Find the lines in the records that carry the word "mcoeffZ". Copy each one.

·····

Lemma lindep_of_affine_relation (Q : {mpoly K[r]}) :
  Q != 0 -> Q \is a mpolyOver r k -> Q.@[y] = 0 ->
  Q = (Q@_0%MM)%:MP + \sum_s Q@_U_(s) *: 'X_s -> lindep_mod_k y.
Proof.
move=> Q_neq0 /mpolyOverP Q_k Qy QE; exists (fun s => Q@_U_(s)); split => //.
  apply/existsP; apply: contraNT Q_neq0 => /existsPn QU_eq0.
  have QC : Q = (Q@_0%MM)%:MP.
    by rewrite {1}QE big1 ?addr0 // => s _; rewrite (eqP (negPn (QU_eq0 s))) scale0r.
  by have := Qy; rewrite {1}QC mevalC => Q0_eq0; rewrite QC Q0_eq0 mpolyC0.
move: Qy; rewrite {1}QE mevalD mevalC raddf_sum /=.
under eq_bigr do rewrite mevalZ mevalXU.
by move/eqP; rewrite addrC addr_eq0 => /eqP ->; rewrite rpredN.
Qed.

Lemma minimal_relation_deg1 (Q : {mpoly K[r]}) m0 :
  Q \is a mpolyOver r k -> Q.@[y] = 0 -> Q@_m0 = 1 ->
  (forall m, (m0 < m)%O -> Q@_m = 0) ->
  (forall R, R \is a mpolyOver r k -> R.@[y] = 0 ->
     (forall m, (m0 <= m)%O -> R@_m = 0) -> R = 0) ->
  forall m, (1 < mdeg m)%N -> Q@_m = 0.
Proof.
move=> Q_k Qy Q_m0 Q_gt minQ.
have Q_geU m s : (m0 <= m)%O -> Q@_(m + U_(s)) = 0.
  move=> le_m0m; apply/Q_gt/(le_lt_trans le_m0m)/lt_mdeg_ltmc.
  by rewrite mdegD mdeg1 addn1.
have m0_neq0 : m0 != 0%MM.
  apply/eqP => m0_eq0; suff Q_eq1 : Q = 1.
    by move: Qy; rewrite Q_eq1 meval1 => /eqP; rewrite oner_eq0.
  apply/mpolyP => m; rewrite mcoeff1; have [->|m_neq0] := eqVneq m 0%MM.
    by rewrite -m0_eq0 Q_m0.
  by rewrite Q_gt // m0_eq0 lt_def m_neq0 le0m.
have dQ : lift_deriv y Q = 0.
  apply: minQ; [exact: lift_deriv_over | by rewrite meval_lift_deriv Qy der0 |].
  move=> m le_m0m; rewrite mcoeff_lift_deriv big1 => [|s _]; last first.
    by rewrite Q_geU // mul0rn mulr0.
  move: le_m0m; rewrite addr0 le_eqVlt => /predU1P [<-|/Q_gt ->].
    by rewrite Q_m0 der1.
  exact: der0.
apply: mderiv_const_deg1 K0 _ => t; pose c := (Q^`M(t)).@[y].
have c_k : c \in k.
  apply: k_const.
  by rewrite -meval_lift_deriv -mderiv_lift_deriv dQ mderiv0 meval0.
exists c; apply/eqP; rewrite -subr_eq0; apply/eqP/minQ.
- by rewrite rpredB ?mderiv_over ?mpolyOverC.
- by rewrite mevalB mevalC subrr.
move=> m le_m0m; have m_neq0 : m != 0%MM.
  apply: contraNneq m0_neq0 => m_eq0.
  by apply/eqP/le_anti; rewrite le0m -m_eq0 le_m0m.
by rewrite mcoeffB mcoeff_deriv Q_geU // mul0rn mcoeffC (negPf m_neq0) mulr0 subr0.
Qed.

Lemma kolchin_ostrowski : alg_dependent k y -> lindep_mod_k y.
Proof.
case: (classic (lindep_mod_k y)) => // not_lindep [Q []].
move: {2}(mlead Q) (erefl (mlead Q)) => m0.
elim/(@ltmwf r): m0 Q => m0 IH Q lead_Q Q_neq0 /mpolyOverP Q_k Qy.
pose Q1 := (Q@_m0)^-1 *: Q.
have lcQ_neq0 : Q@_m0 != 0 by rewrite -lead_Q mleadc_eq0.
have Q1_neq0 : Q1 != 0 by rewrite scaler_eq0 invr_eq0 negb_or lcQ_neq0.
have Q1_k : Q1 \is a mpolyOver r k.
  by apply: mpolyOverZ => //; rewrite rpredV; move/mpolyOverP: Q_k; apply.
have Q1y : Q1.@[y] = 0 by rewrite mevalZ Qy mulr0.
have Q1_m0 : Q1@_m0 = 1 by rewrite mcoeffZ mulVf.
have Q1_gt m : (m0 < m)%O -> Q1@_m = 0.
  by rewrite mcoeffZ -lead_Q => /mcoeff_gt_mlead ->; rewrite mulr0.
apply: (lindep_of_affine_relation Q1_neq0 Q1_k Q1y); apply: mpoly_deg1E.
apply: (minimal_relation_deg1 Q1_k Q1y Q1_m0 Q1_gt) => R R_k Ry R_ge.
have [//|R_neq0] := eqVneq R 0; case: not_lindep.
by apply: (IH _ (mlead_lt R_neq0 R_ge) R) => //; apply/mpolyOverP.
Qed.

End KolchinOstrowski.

·····

Result for this task
have Q1_m0 : Q1@_m0 = 1 by rewrite mcoeffZ mulVf.
  by rewrite mcoeffZ -lead_Q => /mcoeff_gt_mlead ->; rewrite mulr0.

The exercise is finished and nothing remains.